Students create sound-based archive

The foothills are alive...with the sounds of creaky wooden porches, husky train whistles, and tobacco plants being scythed. These sounds are stored in the Sonic Dictionary, a digital archive of acoustics hosted by the Audiovisualities lab at Duke’s Franklin Humanities Institute. It’s a kind of “Wikipedia of sound,” according to English doctoral student Mary Caton Lingold, who conceived the project.

While teaching a writing class on music genres last year, Lingold noticed her students were struggling to identify and describe certain instruments. For example, someone might mistake a piano bass line for an upright bass. Students can consult dictionaries to learn the meanings of words, but in terms of sound-based references, Lingold found that academia was virtually mute.

On that note, she asked her students in her “Sounds of the South” class to collect sounds characteristic of the southern United States. Inspired by literature such as Zora Neale Hurston’s Their Eyes Were Watching God and Jean Toomer’s Cane, the students captured more than fifty sound bites, from gospel singing and banjo strumming to barbecue sizzling and peanut-shelling. As they recorded, edited, and narrated the sounds, the students learned about audio storytelling and sharpened their practical multimedia skills. Their recordings became the basis for an open-access, searchable digital archive for academic purposes.

While Lingold originally envisioned the sounds could stand alone, she soon realized that words were essential to helping the sounds tell their stories. “In reality, you need language to contextualize the sound,” she says. “The writing that the students ended up doing to contextualize their recordings ended up being far more interesting and relevant to the content than I anticipated.”
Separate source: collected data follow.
Lemma continuous_exp_weight c (G : R -> R) x : continuous G x ->
  continuous (fun s => exp (c * s) * G s) x.
Proof.
intros HG. apply (continuous_mult (fun s => exp (c * s)) G x); [|exact HG].
apply (continuous_of_is_derive _ _ (c * exp (c * x))). auto_derive; [exact I| ring].
Qed.

(** With H = e^{-l1 x} G
    and W = e^{-l0 x}(G' - l1 G), one has H' = e^{(l0-l1)x} W and
    W' = e^{-l0 x} L G.  Three applications of the mean value theorem (to H on
    [a,t] and [t,b], then to W between the two points found) show that the
    value of L G at some interior point is a negative multiple of G t. *)
Section MaximumPrinciple.
Variables (a b l0 l1 : R) (G G1 G2 : R -> R).
Hypothesis G_cont : forall x, a <= x <= b -> continuous G x.
Hypothesis G1_cont : forall x, a <= x <= b -> continuous G1 x.
Hypothesis G_der : forall x, a < x < b -> is_derive G x (G1 x).
Hypothesis G1_der : forall x, a < x < b -> is_derive G1 x (G2 x).
Hypothesis G_a : G a = 0.
Hypothesis G_b : G b = 0.

Lemma L2_on_opposite_sign t : a < t < b ->
  exists e k, a < e < b /\ 0 < k /\ L2_on l0 l1 G G1 G2 e = - k * G t.
Proof.
intros Ht.
set (r x := G1 x - l1 * G x).
set (H x := exp (- l1 * x) * G x).
set (W x := exp (- l0 * x) * r x).
assert (r_cont : forall x, a <= x <= b -> continuous r x).
{ intros x Hx. apply (continuous_minus G1 (fun s => l1 * G s)); [apply G1_cont, Hx|].
  apply (continuous_scal_r l1 G), G_cont, Hx. }
assert (H_der : forall x, a < x < b -> is_derive H x (exp (- l1 * x) * r x)).
{ intros x Hx. replace (r x) with (G1 x + - l1 * G x) by (unfold r; ring).
  apply is_derive_exp_weight, G_der, Hx. }
assert (W_der : forall x, a < x < b ->
  is_derive W x (exp (- l0 * x) * L2_on l0 l1 G G1 G2 x)).
{ intros x Hx.
  replace (L2_on l0 l1 G G1 G2 x) with ((G2 x - l1 * G1 x) + - l0 * r x)
    by (unfold L2_on, r; ring).
  apply is_derive_exp_weight.
  apply (is_derive_minus G1 (fun s => l1 * G s)); [apply G1_der, Hx|].
  apply is_derive_scal, G_der, Hx. }
assert (H_cont : forall x, a <= x <= b -> continuity_pt H x)
  by (intros x Hx; apply continuity_pt_filterlim, continuous_exp_weight, G_cont, Hx).
assert (W_cont : forall x, a <= x <= b -> continuity_pt W x)
  by (intros x Hx; apply continuity_pt_filterlim, continuous_exp_weight, r_cont, Hx).
destruct (mvt_interior H (fun x => exp (- l1 * x) * r x) a t (proj1 Ht)) as [c [Hc Hc']].
{ intros; apply H_der; lra. } { intros; apply H_cont; lra. }
destruct (mvt_interior H (fun x => exp (- l1 * x) * r x) t b (proj2 Ht)) as [d [Hd Hd']].
{ intros; apply H_der; lra. } { intros; apply H_cont; lra. }
destruct (mvt_interior W (fun x => exp (- l0 * x) * L2_on l0 l1 G G1 G2 x) c d ltac:(lra))
  as [e [He He']].
{ intros; apply W_der; lra. } { intros; apply W_cont; lra. }
unfold H in Hc', Hd'. rewrite G_a in Hc'. rewrite G_b in Hd'.
pose proof (exp_pos (- l1 * t)). pose proof (exp_pos (- l0 * e)).
pose proof (exp_pos (- l1 * c)). pose proof (exp_pos (- l0 * c)).
pose proof (exp_pos (- l1 * d)). pose proof (exp_pos (- l0 * d)).
(* The mean value theorem on H pins down r at c and d in terms of G t. *)
assert (r_c : r c = exp (- l1 * t) * G t / (exp (- l1 * c) * (t - a))).
{ replace (exp (- l1 * t) * G t) with (exp (- l1 * c) * r c * (t - a)) by lra.
  field; lra. }
assert (r_d : r d = - exp (- l1 * t) * G t / (exp (- l1 * d) * (b - t))).
{ replace (- exp (- l1 * t) * G t) with (exp (- l1 * d) * r d * (b - t)) by lra.
  field; lra. }
exists e, (exp (- l1 * t)
  * (exp (- l0 * c) / (exp (- l1 * c) * (t - a)) + exp (- l0 * d) / (exp (- l1 * d) * (b - t)))
  / (exp (- l0 * e) * (d - c))).
split; [lra| split].
- apply Rdiv_lt_0_compat; [apply Rmult_lt_0_compat; [lra|]|apply Rmult_lt_0_compat; lra].
  apply Rplus_lt_0_compat; apply Rdiv_lt_0_compat; try apply Rmult_lt_0_compat; lra.
- (* The mean value theorem on W then expresses L G at e through r c and r d. *)
  replace (L2_on l0 l1 G G1 G2 e) with ((W d - W c) / (exp (- l0 * e) * (d - c)))
    by (rewrite He'; field; lra).
  unfold W. rewrite r_c, r_d. field. lra.
Qed.

Lemma max_principle_weak :
  (forall x, a < x < b -> L2_on l0 l1 G G1 G2 x <= 0) ->
  forall t, a < t < b -> 0 <= G t.
Proof.
intros HL t Ht. destruct (L2_on_opposite_sign t Ht) as [e [k [He [Hk HLe]]]].
specialize (HL e He). rewrite HLe in HL. nra.
Qed.

Lemma max_principle_strict :
  (forall x, a < x < b -> L2_on l0 l1 G G1 G2 x < 0) ->
  forall t, a < t < b -> 0 < G t.
Proof.
intros HL t Ht. destruct (L2_on_opposite_sign t Ht) as [e [k [He [Hk HLe]]]].
specialize (HL e He). rewrite HLe in HL. nra.
Qed.
End MaximumPrinciple.

Lemma Dm_of_is_derive lam (f : R -> R) t l : is_derive f t l -> Dm lam f t = l - lam * f t.
Proof. intros Hf. unfold Dm. now rewrite (is_derive_unique f t l Hf). Qed.

Lemma Lop2_eq l0 l1 (u u1 u2 : R -> R) :
  (forall x, is_derive u x (u1 x)) -> (forall x, is_derive u1 x (u2 x)) ->
  forall t, Lop [l0; l1] u t = L2_on l0 l1 u u1 u2 t.
Proof.
intros Hu Hu1 t. change (Dm l0 (Dm l1 u) t = L2_on l0 l1 u u1 u2 t).
assert (HD : forall x, Dm l1 u x = u1 x - l1 * u x)
  by (intros x; apply Dm_of_is_derive, Hu).
rewrite (Dm_of_is_derive l0 _ t (u2 t - l1 * u1 t)), HD; [unfold L2_on; ring|].
apply (is_derive_ext (fun x => u1 x - l1 * u x)); [intros; symmetry; apply HD|].
apply (is_derive_minus u1 (fun x => l1 * u x)); [apply Hu1| apply is_derive_scal, Hu].
Qed.

Lemma Lop3_eq l0 l1 (u u1 u2 u3 : R -> R) :
  (forall x, is_derive u x (u1 x)) -> (forall x, is_derive u1 x (u2 x)) ->
  (forall x, is_derive u2 x (u3 x)) ->
  forall t, Lop [l0; l1; 0] u t = L2_on l0 l1 u1 u2 u3 t.
Proof.
intros Hu Hu1 Hu2 t.
assert (HD : forall x, Dm 0 u x = u1 x)
  by (intros x; rewrite (Dm_of_is_derive 0 u x (u1 x) (Hu x)); ring).
change (Lop [l0; l1] (Dm 0 u) t = L2_on l0 l1 u1 u2 u3 t).
rewrite (Lop2_eq l0 l1 (Dm 0 u) u2 u3); [unfold L2_on; now rewrite HD| |exact Hu2].
intros x. apply (is_derive_ext u1); [intros; symmetry; apply HD| apply Hu1].
Qed.

Lemma Ck3_of_derivatives (u u1 u2 u3 : R -> R) :
  (forall x, is_derive u x (u1 x)) -> (forall x, is_derive u1 x (u2 x)) ->
  (forall x, is_derive u2 x (u3 x)) -> (forall x, continuous u3 x) -> Ck 3 u.
Proof.
intros Hu Hu1 Hu2 Hu3.
assert (D1 : forall x, Derive_n u 1 x = u1 x)
  by (intros x; apply is_derive_unique, Hu).
assert (D2 : forall x, Derive_n u 2 x = u2 x).
{ intros x. change (Derive (Derive_n u 1) x = u2 x).
  rewrite (Derive_ext _ u1 x D1). apply is_derive_unique, Hu1. }
assert (D3 : forall x, Derive_n u 3 x = u3 x).
{ intros x. change (Derive (Derive_n u 2) x = u3 x).
  rewrite (Derive_ext _ u2 x D2). apply is_derive_unique, Hu2. }
split.
- intros n x Hn. destruct n as [|[|[|[|n]]]]; try lia; simpl ex_derive_n.
  + exact I.
  + exists (u1 x); apply Hu.
  + apply (ex_derive_ext u1); [intros; symmetry; apply D1| exists (u2 x); apply Hu1].
  + apply (ex_derive_ext u2); [intros; symmetry; apply D2| exists (u3 x); apply Hu2].
- intros x. apply (continuous_ext u3); [intros; symmetry; apply D3| apply Hu3].
Qed.

Lemma derivatives_of_Ck3 u : Ck 3 u ->
  (forall x, is_derive u x (Derive u x)) /\
  (forall x, is_derive (Derive u) x (Derive (Derive u) x)) /\
  (forall x, continuous (Derive (Derive u)) x).
Proof.
intros [Hd _]. split; [|split]; intros x.
- apply Derive_correct, (Hd 1%nat x); lia.
- apply Derive_correct, (Hd 2%nat x); lia.
- apply (ex_derive_continuous (K := R_AbsRing) (V := R_NormedModule)), (Hd 3%nat x); lia.
Qed.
Besides “Sounds of the South,” the dictionary houses other audio exhibits, including “Sound as North Carolina Politics,” for which students documented the Moral Monday protests in Raleigh, and “Sound, Music and the Moving Image,” a compilation of movie sound effects. So far, the dictionary contains 217 sounds, and Lingold plans to keep adding. She hopes to open the archive to other colleges and universities besides Duke.

Lingold’s favorite entry? The rain-like shushing of pine trees.